Rajaram joined the Faculty of Psychology at Stony Brook University in 1993 and was promoted to full professor in 2003. She served as the associate dean for faculty affairs in the College of Arts and Sciences at Stony Brook University (2012–2015). Rajaram received a FIRST Award from the National Institutes of Mental Health (NIMH). In addition to NIMH, her research has been supported by the National Science Foundation, the Russell Sage Foundation, and Google. Rajaram served as associate editor of Psychological Science (2007–2008), Psychological Bulletin (2003–2005), and Memory & Cognition (1998–2001).

== Research ==
Rajaram's research program encompasses studies of human amnesia and intact memory to address the cognitive and neural bases of memory functions, such as the distinction between explicit memory and implicit memory. Her lab has examined differences in the effects of repeated testing and repeated studying on learning, and how repetition impacts learning of new information in amnesia. In one of her studies, her team examined how repetition of information confers advantages in knowing versus remembering information in individuals with amnesia. They found that repetition helped people with amnesia gain a sense of familiarity with material (i.e., knowing), whereas for individuals with normal memory, repetition enhanced both familiarity and recollection (i.e., knowing and remembering).
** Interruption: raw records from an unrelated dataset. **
Lemma subspace_hyperplane (X : set V) v : subspace X -> ~ X v ->
  exists M, [/\ subspace M, X `<=` M, ~ M v & forall u, exists l, M (u - l *: v)].
Proof.
move=> sX nXv.
(* [set0] is admitted so that the empty chain has an upper bound. *)
pose P := fun M : set V => M = set0 \/ [/\ subspace M, X `<=` M & ~ M v].
have chainP (F : set (set V)) : F `<=` P -> total_on F subset ->
    P (\bigcup_(M in F) M).
  move=> FP Ftot.
  have [[M0 FM0 [x0 M0x0]]|] := pselect (exists2 M, F M & M !=set0); last first.
    move=> nF; left; apply/seteqP; split=> // x [M FM Mx].
    by apply: nF; exists M => //; exists x.
  have good M x : F M -> M x -> [/\ subspace M, X `<=` M & ~ M v].
    by move=> FM Mx; case: (FP M FM) => // M_empty; rewrite M_empty in Mx.
  have [sM0 XM0 _] := good _ _ FM0 M0x0.
  right; split.
  - split; first by exists M0 => //; case: sM0.
    move=> r x y [M1 FM1 M1x] [M2 FM2 M2y].
    have [[sM1 _ _] [sM2 _ _]] := (good _ _ FM1 M1x, good _ _ FM2 M2y).
    case: (Ftot _ _ FM1 FM2) => [M12|M21].
    + by exists M2 => //; apply: sM2.2 => //; apply: M12.
    + by exists M1 => //; apply: sM1.2 => //; apply: M21.
  - by move=> x Xx; exists M0 => //; apply: XM0.
  - by move=> [M FM Mv]; have [_ _] := good _ _ FM Mv.
have [M [PM maxM]] := Zorn_bigcup chainP.
have [sM XM nMv] : [/\ subspace M, X `<=` M & ~ M v].
  case: PM => // M0; exfalso; apply: (maxM X); last by right; split.
  by rewrite M0; split=> // /(_ 0 sX.1).
exists M; split=> //; apply: maximal_avoiding_spans => // N sN MN nNv.
apply: contrapT => nNM; apply: (maxM N); last by right; split=> //; exact: subset_trans XM MN.
by split.
Qed.

Lemma separating_linform (X : set V) v : subspace X -> ~ X v ->
  exists phi : V -> k, [/\ linform phi, forall x, X x -> phi x = 0 & phi v = 1].
Proof.
move=> sX nXv; have [M [sM XM nMv spanM]] := subspace_hyperplane sX nXv.
pose phi u := projT1 (cid (spanM u)).
have phiP u : M (u - phi u *: v) := projT2 (cid (spanM u)).
have coef_phi u l : M (u - l *: v) -> phi u = l.
  exact: (avoiding_coef_unique sM nMv (phiP u)).
exists phi; split.
- move=> r x y; apply: coef_phi.
  have -> : r *: x + y - (r * phi x + phi y) *: v =
            r *: (x - phi x *: v) + (y - phi y *: v).
    by rewrite scalerDl -scalerA scalerBr opprD addrACA.
  by apply: sM.2; apply: phiP.
- by move=> x Xx; apply: coef_phi; rewrite scale0r subr0; apply: XM.
- by apply: coef_phi; rewrite scale1r subrr; case: sM.
Qed.

End Separation.

(* Induction on [n]: either [x ord_max] is a combination of the other [x i] and can be
   absorbed into the [y i], or a functional separating it from them shows [y ord_max = 0]. *)
Lemma bilin_sum_eq0 (k : fieldType) (U V T : lmodType k) (t : U -> V -> T) :
  bilin t -> forall n (x : 'I_n -> U) (y : 'I_n -> V),
  (forall phi : U -> k, linform phi -> \sum_(i < n) phi (x i) *: y i = 0) ->
  \sum_(i < n) t (x i) (y i) = 0.
Proof.
move=> [tl tr]; elim=> [|n IH] x y xy0; first by rewrite big_ord0.
rewrite big_ord_recr /=.
pose x' i := x (widen_ord (leqnSn n) i); pose y' i := y (widen_ord (leqnSn n) i).
pose X := [set u | exists c : 'I_n -> k, u = \sum_(i < n) c i *: x' i].
have sX : subspace X.
  split; first by exists (fun _ => 0); rewrite big1 // => i _; rewrite scale0r.
  move=> r _ _ [c1 ->] [c2 ->]; exists (fun i => r * c1 i + c2 i).
  rewrite scaler_sumr -big_split /=.
  by apply: eq_bigr => i _; rewrite scalerDl scalerA.
have [[c xc]|nXx] := pselect (X (x ord_max)).
  have -> : \sum_(i < n) t (x' i) (y' i) + t (x ord_max) (y ord_max) =
            \sum_(i < n) t (x' i) (y' i + c i *: y ord_max).
    rewrite xc (lin_sum _ _ (tl _)) -big_split /=; apply: eq_bigr => i _.
    by rewrite linD // linZ // (linZ _ _ (tl _)).
  apply: IH => phi lphi; rewrite -[RHS](xy0 phi lphi) big_ord_recr /= xc.
  rewrite linform_sum // scaler_suml -big_split /=; apply: eq_bigr => i _.
  by rewrite scalerDr linformZ // scalerA mulrC.
have [phi [lphi phiX phix]] := separating_linform sX nXx.
have y0 : y ord_max = 0.
  have := xy0 phi lphi; rewrite big_ord_recr /= phix scale1r big1 ?add0r // => i _.
  rewrite phiX ?scale0r //; exists (fun j => (j == i)%:R).
  rewrite (bigD1 i) //= eqxx scale1r big1 ?addr0 // => j /negbTE ->.
  by rewrite scale0r.
rewrite y0 lin0 // addr0; apply: IH => phi' lphi'.
by have := xy0 phi' lphi'; rewrite big_ord_recr /= y0 scaler0 addr0.
Qed.

Section TensorProduct.
Variables (k : fieldType) (U V T : lmodType k) (t : U -> V -> T).
Hypothesis tensor_t : is_tensor2 t.

Lemma tensor2_lift (X : lmodType k) (f : U -> V -> X) :
  bilin f -> exists g : T -> X, lin g /\ forall u v, g (t u v) = f u v.
Proof. by move=> /(tensor_t.2 X f) [g [lg gt _]]; exists g. Qed.

Lemma tensor2_ext (X : lmodType k) (g h : T -> X) :
  lin g -> lin h -> (forall u v, g (t u v) = h (t u v)) -> g =1 h.
Proof.
move=> lg lh gh; have [[tl tr] univ] := tensor_t.
have bil : bilin (fun u v => h (t u v)).
  by split=> [v|u]; [exact: lin_comp lh (tl v) | exact: lin_comp lh (tr u)].
have [G [_ _ uniqG]] := univ _ _ bil.
by move=> s; rewrite (uniqG g lg gh) (uniqG h lh (fun _ _ => erefl)).
Qed.

Lemma tensor2_slice_l (phi : U -> k) : linform phi ->
  exists g : T -> V, lin g /\ forall u v, g (t u v) = phi u *: v.
Proof.
move=> lphi; apply: tensor2_lift; split=> [v r u1 u2 | u r v1 v2] /=.
  by rewrite lphi scalerDl scalerA.
by rewrite scalerDr !scalerA mulrC.
Qed.

Lemma tensor2_slice_r (psi : V -> k) : linform psi ->
  exists g : T -> U, lin g /\ forall u v, g (t u v) = psi v *: u.
Proof.
move=> lpsi; apply: tensor2_lift; split=> [v r u1 u2 | u r v1 v2] /=.
  by rewrite scalerDr !scalerA mulrC.
by rewrite lpsi scalerDl scalerA.
Qed.

Lemma tensor2_sum_pure (s : T) :
  exists n (x : 'I_n -> U) (y : 'I_n -> V), s = \sum_(i < n) t (x i) (y i).
Proof.
pose X := [set s : T | exists l : seq (U * V), s = \sum_(p <- l) t p.1 p.2].
have sX : subspace X.
  split; first by exists [::]; rewrite big_nil.
  move=> r _ _ [l1 ->] [l2 ->]; exists (map (fun p => (r *: p.1, p.2)) l1 ++ l2).
  rewrite big_cat big_map scaler_sumr; congr (_ + _).
  by apply: eq_bigr => p _; rewrite (linZ _ _ (tensor_t.1.1 _)).
have [[l ->]|nXs] := pselect (X s).
  exists (size l), (fun i => (nth (0, 0) l i).1), (fun i => (nth (0, 0) l i).2).
  by rewrite (big_nth (0, 0)) big_mkord.
have [phi [lphi phiX phis]] := separating_linform sX nXs.
have phi0 : (phi : T -> k^o) =1 (fun _ => 0).
  apply: tensor2_ext => // [r x y | u v]; first by rewrite scaler0 addr0.
  by apply: phiX; exists [:: (u, v)]; rewrite big_seq1.
by have := phi0 s; rewrite phis => /eqP; rewrite oner_eq0.
Qed.

Lemma tensor2_jointly_injective (I J : Type) (F : I -> U -> U) (G : J -> V -> V)
    (H : I -> J -> T -> T) :
  (forall i, lin (F i)) -> (forall j, lin (G j)) -> (forall i j, lin (H i j)) ->
  (forall i j u v, H i j (t u v) = t (F i u) (G j v)) ->
  (forall u, (forall i, F i u = 0) -> u = 0) ->
  (forall v, (forall j, G j v = 0) -> v = 0) ->
  forall s, (forall i j, H i j s = 0) -> s = 0.
Proof.
move=> lF lG lH Ht injF injG s; have [[tl tr] _] := tensor_t.
have [n [x [y ->]]] := tensor2_sum_pure s => Hs0.
have Fx_y0 i : \sum_(m < n) t (F i (x m)) (y m) = 0.
  apply: (bilin_sum_eq0 tensor_t.1 (x := fun m => F i (x m)) (y := y)) => phi lphi.
  apply: injG => j.
  have [g [lg gt]] := tensor2_slice_l lphi.
  rewrite lin_sum //; under eq_bigr do rewrite linZ // -gt -Ht.
  by rewrite -lin_sum // -lin_sum // Hs0 lin0.
have bil_flip : bilin (fun v u => t u v) by split=> [u|v]; [exact: tr | exact: tl].
apply: (bilin_sum_eq0 bil_flip (x := y) (y := x)) => psi lpsi; apply: injF => i.
have [g [lg gt]] := tensor2_slice_r lpsi.
rewrite lin_sum //; under eq_bigr do rewrite linZ // -gt.
by rewrite -lin_sum // Fx_y0 lin0.
Qed.

End TensorProduct.

Section GaloisMap.
Variables (k : fieldType) (A AA : lmodType k).
Variables (mulA : A -> A -> A) (tens : A -> A -> AA) (mulAA : AA -> AA -> AA).
Variables (Dl : A -> AA -> AA) (T1 T1inv : AA -> AA).
Variables (eps : A -> k) (epsL : AA -> A) (lm1 : A -> AA -> AA).

Hypotheses (bilin_mulA : bilin mulA)
  (mulA_assoc : forall a b c, mulA a (mulA b c) = mulA (mulA a b) c)
  (mulA_nondeg : forall a, (forall b, mulA a b = 0) -> a = 0).
Hypotheses (tensor_tens : is_tensor2 tens) (bilin_mulAA : bilin mulAA)
  (mulAA_tens : forall a b c d,
     mulAA (tens a b) (tens c d) = tens (mulA a c) (mulA b d)).
Hypotheses (lin_Dl : forall a, lin (Dl a))
  (Dl_mulA : forall a b s, Dl (mulA a b) s = Dl a (Dl b s)).
Hypotheses (lin_T1 : lin T1)
  (T1_tens : forall a b c d,
     mulAA (T1 (tens a b)) (tens c d) = Dl a (tens c (mulA b d)))
  (T1K : cancel T1 T1inv) (T1invK : cancel T1inv T1).
Hypotheses (lin_epsL : lin epsL)
  (epsL_tens : forall a b, epsL (tens a b) = eps a *: b)
  (epsL_T1 : forall a b, epsL (T1 (tens a b)) = mulA a b).
Hypotheses (lin_lm1 : forall c, lin (lm1 c))
  (lm1_tens : forall c a b, lm1 c (tens a b) = tens (mulA c a) b).

Let lin_T1inv : lin T1inv := lin_can lin_T1 T1K T1invK.
Let lin_mulAl b : lin (mulA^~ b) := bilin_mulA.1 b.
Let lin_tensl b : lin (tens^~ b) := tensor_tens.1.1 b.
Let lin_tensr a : lin (tens a) := tensor_tens.1.2 a.
Let lin_mulAAl t : lin (mulAA^~ t) := bilin_mulAA.1 t.

Lemma mulAA_tens_injl s s' :
  (forall e f, mulAA s (tens e f) = mulAA s' (tens e f)) -> s = s'.
Proof.
move=> ss'; apply/eqP; rewrite -subr_eq0; apply/eqP.
apply: (tensor2_jointly_injective tensor_tens (H := fun e f s => mulAA s (tens e f))
  lin_mulAl lin_mulAl (fun e f => lin_mulAAl _) (fun e f a b => mulAA_tens a b e f)
  mulA_nondeg mulA_nondeg) => e f /=.
by rewrite (linB _ _ (lin_mulAAl _)) ss' subrr.
Qed.

Lemma lin_lm1l s : lin (lm1^~ s).
Proof.
move=> r x y; move: s; apply: (tensor2_ext tensor_tens) => // [|a b].
  exact: lin_add (lin_scale _ (lin_lm1 _)) (lin_lm1 _).
by rewrite !lm1_tens lin_mulAl lin_tensl.
Qed.

Lemma T1_lm1 x w e f :
  mulAA (T1 (lm1 x w)) (tens e f) = Dl x (mulAA (T1 w) (tens e f)).
Proof.
move: w; apply: (tensor2_ext tensor_tens) => [||a b].
- exact: lin_comp (lin_mulAAl _) (lin_comp lin_T1 (lin_lm1 x)).
- exact: lin_comp (lin_Dl x) (lin_comp (lin_mulAAl _) lin_T1).
by rewrite lm1_tens !T1_tens Dl_mulA.
Qed.

Lemma epsLT1_lm1 x s : epsL (T1 (lm1 x s)) = mulA x (epsL (T1 s)).
Proof.
move: s; apply: (tensor2_ext tensor_tens) => [||a b].
- exact: lin_comp lin_epsL (lin_comp lin_T1 (lin_lm1 x)).
- exact: lin_comp (bilin_mulA.2 x) (lin_comp lin_epsL lin_T1).
by rewrite lm1_tens !epsL_T1 mulA_assoc.
Qed.

Lemma lm1_T1inv_lift b : exists Phi : AA -> AA,
  lin Phi /\ forall x y, Phi (tens x y) = lm1 x (T1inv (tens b y)).
Proof.
apply: (tensor2_lift tensor_tens); split=> [y | x]; first exact: lin_lm1l.
exact: lin_comp (lin_lm1 x) (lin_comp lin_T1inv (lin_tensr b)).
Qed.

Section PhiMap.
Variables (b : A) (Phi : AA -> AA).
Hypotheses (lin_Phi : lin Phi)
  (Phi_tens : forall x y, Phi (tens x y) = lm1 x (T1inv (tens b y))).

Lemma T1_Phi w e f :
  mulAA (T1 (Phi w)) (tens e f) = mulAA (T1 w) (tens (mulA b e) f).
Proof.
move: w; apply: (tensor2_ext tensor_tens) => [||x y].
- exact: lin_comp (lin_mulAAl _) (lin_comp lin_T1 lin_Phi).
- exact: lin_comp (lin_mulAAl _) lin_T1.
by rewrite Phi_tens T1_lm1 T1invK mulAA_tens T1_tens.
Qed.

Lemma T1inv_mulA_tens a c : T1inv (tens (mulA a b) c) = Phi (T1inv (tens a c)).
Proof.
apply: (can_inj T1K); rewrite T1invK; apply: mulAA_tens_injl => e f.
by rewrite T1_Phi T1invK !mulAA_tens mulA_assoc.
Qed.

Lemma epsLT1_Phi w : epsL (T1 (Phi w)) = eps b *: epsL (T1 w).
Proof.
move: w; apply: (tensor2_ext tensor_tens) => [||x y].
- exact: lin_comp lin_epsL (lin_comp lin_T1 lin_Phi).
- exact: lin_scale _ (lin_comp lin_epsL lin_T1).
by rewrite Phi_tens epsLT1_lm1 T1invK epsL_tens !epsL_T1 (linZ _ _ (bilin_mulA.2 x)).
Qed.

End PhiMap.

Lemma eps_mulA x p (q : A) : eps (mulA x p) *: q = eps x *: (eps p *: q).
Proof.
have [Phi [lin_Phi Phi_tens]] := lm1_T1inv_lift p.
rewrite -epsL_tens -(T1invK (tens _ q)) (T1inv_mulA_tens lin_Phi Phi_tens).
by rewrite (epsLT1_Phi lin_Phi Phi_tens) T1invK epsL_tens scalerA mulrC -scalerA.
Qed.

Lemma epsL_lm1 x w : epsL (lm1 x w) = eps x *: epsL w.
Proof.
move: w; apply: (tensor2_ext tensor_tens) => [||a b].
- exact: lin_comp lin_epsL (lin_lm1 x).
- exact: lin_scale _ lin_epsL.
by rewrite lm1_tens !epsL_tens eps_mulA.
Qed.

Lemma S_mulA a b c :
  S_of tens epsL T1inv (mulA a b) c =
  S_of tens epsL T1inv b (S_of tens epsL T1inv a c).
Proof.
have [Phi [lin_Phi Phi_tens]] := lm1_T1inv_lift b.
rewrite /S_of (T1inv_mulA_tens lin_Phi Phi_tens).
move: (T1inv _); apply: (tensor2_ext tensor_tens) => [||x y].
- exact: lin_comp lin_epsL lin_Phi.
- exact: lin_comp lin_epsL (lin_comp lin_T1inv (lin_comp (lin_tensr b) lin_epsL)).
by rewrite Phi_tens epsL_lm1 !epsL_tens !linZ.
Qed.

End GaloisMap.
Lemma sls_has_structure : sls_structure f S pg mu thg thm th sls_profile.
Proof.
  destruct (pool_integrals_step f gov_w 0 [(A, x); (B, th)] f_int (Rle_refl 0))
    as [_ [Mgov [_ Vgov]]]; [simpl; repeat split; try lra; by_thresholds | simpl; lra |].
  destruct (pool_integrals_step f mkt_w 0 [(1 - A, x); (1 - B, th)] f_int (Rle_refl 0))
    as [_ [_ [_ Vmkt]]]; [simpl; repeat split; try lra; by_thresholds | simpl; lra |].
  cbn [step_end step_sum] in *. rewrite cdf_0 in Mgov. rewrite moment_0 in Vgov, Vmkt.
  unfold sls_structure. cbv zeta. rewrite Rmin_left by lra.
  cbn [gov mkt sell_r sell_m sell_o price1 price2r price2n sls_profile].
  split; [reflexivity|]. split; [reflexivity|]. split; [reflexivity|].
  split; [intros t Ht; repeat split; by_thresholds|].
  split; [rewrite Mgov; lra|].
  split; [rewrite Vgov; lra|].
  split; [rewrite Vmkt; lra|].
  split; intros t Ht; repeat split; by_thresholds.
Qed.

End ShortLivedStimulation.
(* Let $a$ be a positive integer, let $G$ be a finite simple graph of arboricity at most $a$ containing no isolated edges, and let $\mathcal{G}\cong\mathcal{G}_1\times\mathcal{G}_2\times\cdots\times\mathcal{G}_a$ be an Abelian group that is a product of Abelian groups $\mathcal{G}_i$ with $|\mathcal{G}_i|\geq 4$ for $i=1,\ldots,a$. Then there exists a labeling $f\colon E(G)\to\mathcal{G}\setminus\{0\}$ such that $w_f(u)\neq w_f(v)$ for every edge $uv$ of $G$.
   Context: The arboricity of $G$ is the least number of forests into which $E(G)$ can be decomposed. An isolated edge is a connected component isomorphic to $K_2$. $w_f(v)=\sum_{u\in N(v)}f(uv)$, the sum in $\mathcal{G}$. *)

From HB Require Import structures.
From mathcomp Require Import all_boot all_order all_algebra.
Set Implicit Arguments. Unset Strict Implicit. Unset Printing Implicit Defensive.
Import GRing.Theory.
Local Open Scope ring_scope.

(* A finite simple graph: vertex type T : finType, adjacency e : rel T,
   symmetric and irreflexive.  An edge uv is represented by the 2-set [set u; v]. *)
Definition simple_graph (T : finType) (e : rel T) : Prop :=
  symmetric e /\ irreflexive e.

Definition edge_of (T : finType) (u v : T) : {set T} := [set u; v].

Definition nbhd (T : finType) (e : rel T) (v : T) : {set T} := [set u | e v u].

Definition acyclic (T : finType) (r : rel T) : Prop :=
  forall s : seq T, uniq s -> (3 <= size s)%N -> ~~ cycle r s.

(* Arboricity at most a: E(G) can be decomposed into a forests, i.e. there
   is an assignment of each edge to one of a classes, each class acyclic. *)
Definition arboricity_le (T : finType) (e : rel T) (a : nat) : Prop :=
  exists c : {set T} -> 'I_a,
    forall i : 'I_a, acyclic (fun x y => e x y && (c (edge_of x y) == i)).

(* No connected component is isomorphic to K_2: there is no edge uv with
   both endpoints of degree 1. *)
Definition no_isolated_edge (T : finType) (e : rel T) : Prop :=
  forall u v, e u v -> ~ (#|nbhd e u| = 1%N /\ #|nbhd e v| = 1%N).

Definition weight (T : finType) (e : rel T) (G : zmodType)
  (f : {set T} -> G) (v : T) : G :=
  \sum_(u in nbhd e v) f (edge_of u v).

Definition card_ge4 (A : eqType) : Prop :=
  exists s : seq A, uniq s /\ (4 <= size s)%N.

Definition iso_to_product (G : zmodType) (a : nat) (Gi : 'I_a -> zmodType)
  (phi : G -> forall i, Gi i) : Prop :=
  (forall x y i, phi (x + y) i = phi x i + phi y i) /\
  (forall x y, phi x = phi y -> x = y) /\
  (forall g : forall i, Gi i, exists x, phi x = g).

From HB Require Import structures.
From mathcomp Require Import all_boot all_order all_algebra.
From mathcomp Require Import zify.
Import GRing.Theory.
Local Open Scope ring_scope.
Set Implicit Arguments. Unset Strict Implicit. Unset Printing Implicit Defensive.

(* Let F_1, ..., F_a be the forests of an arboricity decomposition.  Inside G each F_i
   grows into a forest H_i without isolated edges: an isolated edge ab of H_i is not a
   component of G, so one endpoint, say a, has a further G-neighbour w, and the edge aw
   joins two components of H_i.
   Every forest has a labeling by nonzero elements of an abelian group of order at
   least 4 whose weights differ along every edge that is not an isolated edge.  By
   induction: the second vertex p of a longest path has, apart from at most one
   neighbour q, only leaves as neighbours; label the forest without these leaves, then
   label the pendant edges at p so that each new weight avoids at most three values.
   Finally label uv by the element of G whose i-th coordinate is the H_i-label of uv
   (0 if uv is not in H_i): if uv lies in F_i, the weights of u and v differ in the
   i-th coordinate. *)

Lemma measure_ascent (A : Type) (m : A -> nat) (b : nat) (P Q : A -> Prop) (x0 : A) :
  (forall x, P x -> (m x <= b)%N) -> P x0 ->
  (forall x, P x -> Q x \/ exists2 y, P y & (m x < m y)%N) ->
  exists x, P x /\ Q x.
Proof.
move=> bounded Px0 grow; move En : (b - m x0)%N => n.
elim/ltn_ind: n x0 Px0 En => n IH x Px En.
have [Qx|[y Py mxy]] := grow x Px; first by exists x.
by apply: (IH (b - m y)%N _ y Py) => //; have := bounded y Py; lia.
Qed.

Lemma card_ge4_avoid3 (A : eqType) : card_ge4 A ->
  forall a b c : A, exists x, [/\ x != a, x != b & x != c].
Proof.
move=> [s [us hs]] a b c.
have [/allP sub | ] := boolP (all (mem [:: a; b; c]) s).
  by have := leq_trans hs (uniq_leq_size us sub).
rewrite -has_predC => /hasP [x _]; rewrite /= !inE !negb_or => /and3P [xa xb xc].
by exists x.
Qed.

Section StarLabeling.
Variable Gm : zmodType.
Hypothesis Gm4 : card_ge4 Gm.

Lemma exists_nonzero_shift (m : nat) (y : Gm) : y != 0 ->
  exists2 t : Gm, t != 0 & y + t *+ m != 0.
Proof.
move=> y0; have [t1 [t10 _ _]] := card_ge4_avoid3 Gm4 0 0 0.
have [t2 [t20 t21 _]] := card_ge4_avoid3 Gm4 0 t1 0.
have [E1|] := eqVneq (y + t1 *+ m) 0; last by exists t1.
have [E2|] := eqVneq (y + t2 *+ m) 0; last by exists t2.
(* If both t1 and t2 fail, then y + (t1 - t2) *+ m = y. *)
exists (t1 - t2); first by rewrite subr_eq0 eq_sym.
have -> : y + (t1 - t2) *+ m = (y + t1 *+ m) - (y + t2 *+ m) + y.
  by rewrite mulrnBl [y + t1 *+ m]addrC addrKA addrC.
by rewrite E1 E2 subrr add0r.
Qed.

Lemma star_labeling (I : finType) (L : {set I}) (y X : Gm) : y != 0 -> L != set0 ->
  exists g : I -> Gm, [/\ {in L, forall l, g l != 0},
     y + \sum_(l in L) g l != X &
     {in L, forall l, y + \sum_(l' in L) g l' != g l}].
Proof.
move=> y0 /set0Pn [l0 l0L].
have [t t0 R0] := exists_nonzero_shift #|L|.-1 y0.
set R := y + t *+ #|L|.-1 in R0.
have [S [SX St SR]] := card_ge4_avoid3 Gm4 X t R.
(* Label l0 by S - R and every other l by t, so that y plus the total is S. *)
exists (fun l => if l == l0 then S - R else t).
have -> : y + \sum_(l in L) (if l == l0 then S - R else t) = S.
  rewrite (bigD1 l0) //= eqxx (eq_bigr (fun _ => t)); last first.
    by move=> l /andP [_ /negbTE ->].
  rewrite sumr_const.
  have -> : #|[pred l | (l \in L) && (l != l0)]| = #|L|.-1.
    by rewrite (cardD1 l0 L) l0L; apply: eq_card => l; rewrite !inE andbC.
  by rewrite /R addrCA subrK.
split=> // l _; case: ifP => _ //; first by rewrite subr_eq0.
by rewrite -subr_eq0 opprB addrC subrK.
Qed.
End StarLabeling.

Section Graphs.
Variable T : finType.
Implicit Types (H : rel T) (x y z u v p q l : T) (s : seq T) (L : {set T}).

Definition isolated_edge H u v : Prop := #|nbhd H u| = 1%N /\ #|nbhd H v| = 1%N.

Definition arcs H : {set T * T} := [set x | H x.1 x.2].

Definition upath H x s := uniq (x :: s) && path H x s.

Definition longest_upath H x s :=
  upath H x s /\ forall x' s', upath H x' s' -> (size s' <= size s)%N.

Lemma edge_ofC x y : edge_of x y = edge_of y x.
Proof. by rewrite /edge_of setUC. Qed.

Lemma nbhd_card1 H x y : H x y -> #|nbhd H x| = 1%N -> nbhd H x = [set y].
Proof.
move=> Hxy /eqP /cards1P [z Nx].
have : y \in nbhd H x by rewrite inE.
by rewrite Nx inE => /eqP ->.
Qed.

Lemma sub_acyclic H H' : subrel H' H -> acyclic H -> acyclic H'.
Proof.
move=> sub ac s us hs; apply: contraNN (ac s us hs); exact: sub_cycle.
Qed.

Lemma cycle_two_neighbours H s x : uniq s -> (3 <= size s)%N -> cycle H s -> x \in s ->
  exists y z, [/\ y != z, H x y, H z x, y \in s & z \in s].
Proof.
move=> us hs cs xs; case: (rot_to xs) => i s' E.
have us' : uniq (x :: s') by rewrite -E rot_uniq.
have cs' : cycle H (x :: s') by rewrite -E rot_cycle.
have ms z : z \in x :: s' -> z \in s by rewrite -E mem_rot.
have hs' : (3 <= size (x :: s'))%N by rewrite -E size_rot.
case: s' E us' cs' ms hs' => [|y [|c s3]] //= E us' cs' ms hs'.
move: cs'; rewrite /cycle rcons_path => /and4P [Hxy _ _ Hzx].
exists y, (last c s3); split => //.
- by apply: contraTneq us' => ->; rewrite mem_last !andbF.
- by apply: ms; rewrite !inE eqxx orbT.
- by apply: ms; rewrite !inE; move: (mem_last c s3); rewrite inE => ->; rewrite !orbT.
Qed.

Lemma acyclic_upath_start H x y s z : acyclic H -> upath H x (y :: s) -> z \in s ->
  ~~ H z x.
Proof.
move=> ac /andP [us ps] zs; case/splitPr: zs us ps => s1 s2 us ps.
apply: (contraNN _ (ac (x :: y :: rcons s1 z) _ _)) => [Hzx||].
- rewrite /cycle rcons_path /= last_rcons Hzx andbT.
  by move: ps; rewrite -cat_rcons -cat_cons cat_path => /andP [].
- by move: us; rewrite -cat_rcons -!cat_cons cat_uniq => /andP [].
- by rewrite /= size_rcons.
Qed.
Rajaram has conducted numerous studies focusing on how social factors influence learning and memory. Her lab aims to understand the social transmission of memory in groups of people and in social networks, the emergence of collective memory, and how collaborative learning may help or hinder memory. Her research indicates that collaboration with peers often weakens the memory performance of individuals; at the same time getting help from one's peers may help to eliminate memory errors. Rajaram's 2014 paper on social transmission of memory, co-authored with H.Y. Choi, H.M. Blumen, and A.R. Congleton, was named "Best Paper of the Year" by European Society of Cognitive Psychology. This study examined a phenomenon known as collaborative inhibition, wherein individuals contribute less to recalling information when they are part of a group than when they are recalling information on their own. This study explored how changing the membership of groups influenced individual and collective memory. Rajaram and her colleagues have also studied how emotion enhances memory. They found that emotional memories are not immune to error, yet emotional memories are less likely to be distorted by social influences than nonemotional memories.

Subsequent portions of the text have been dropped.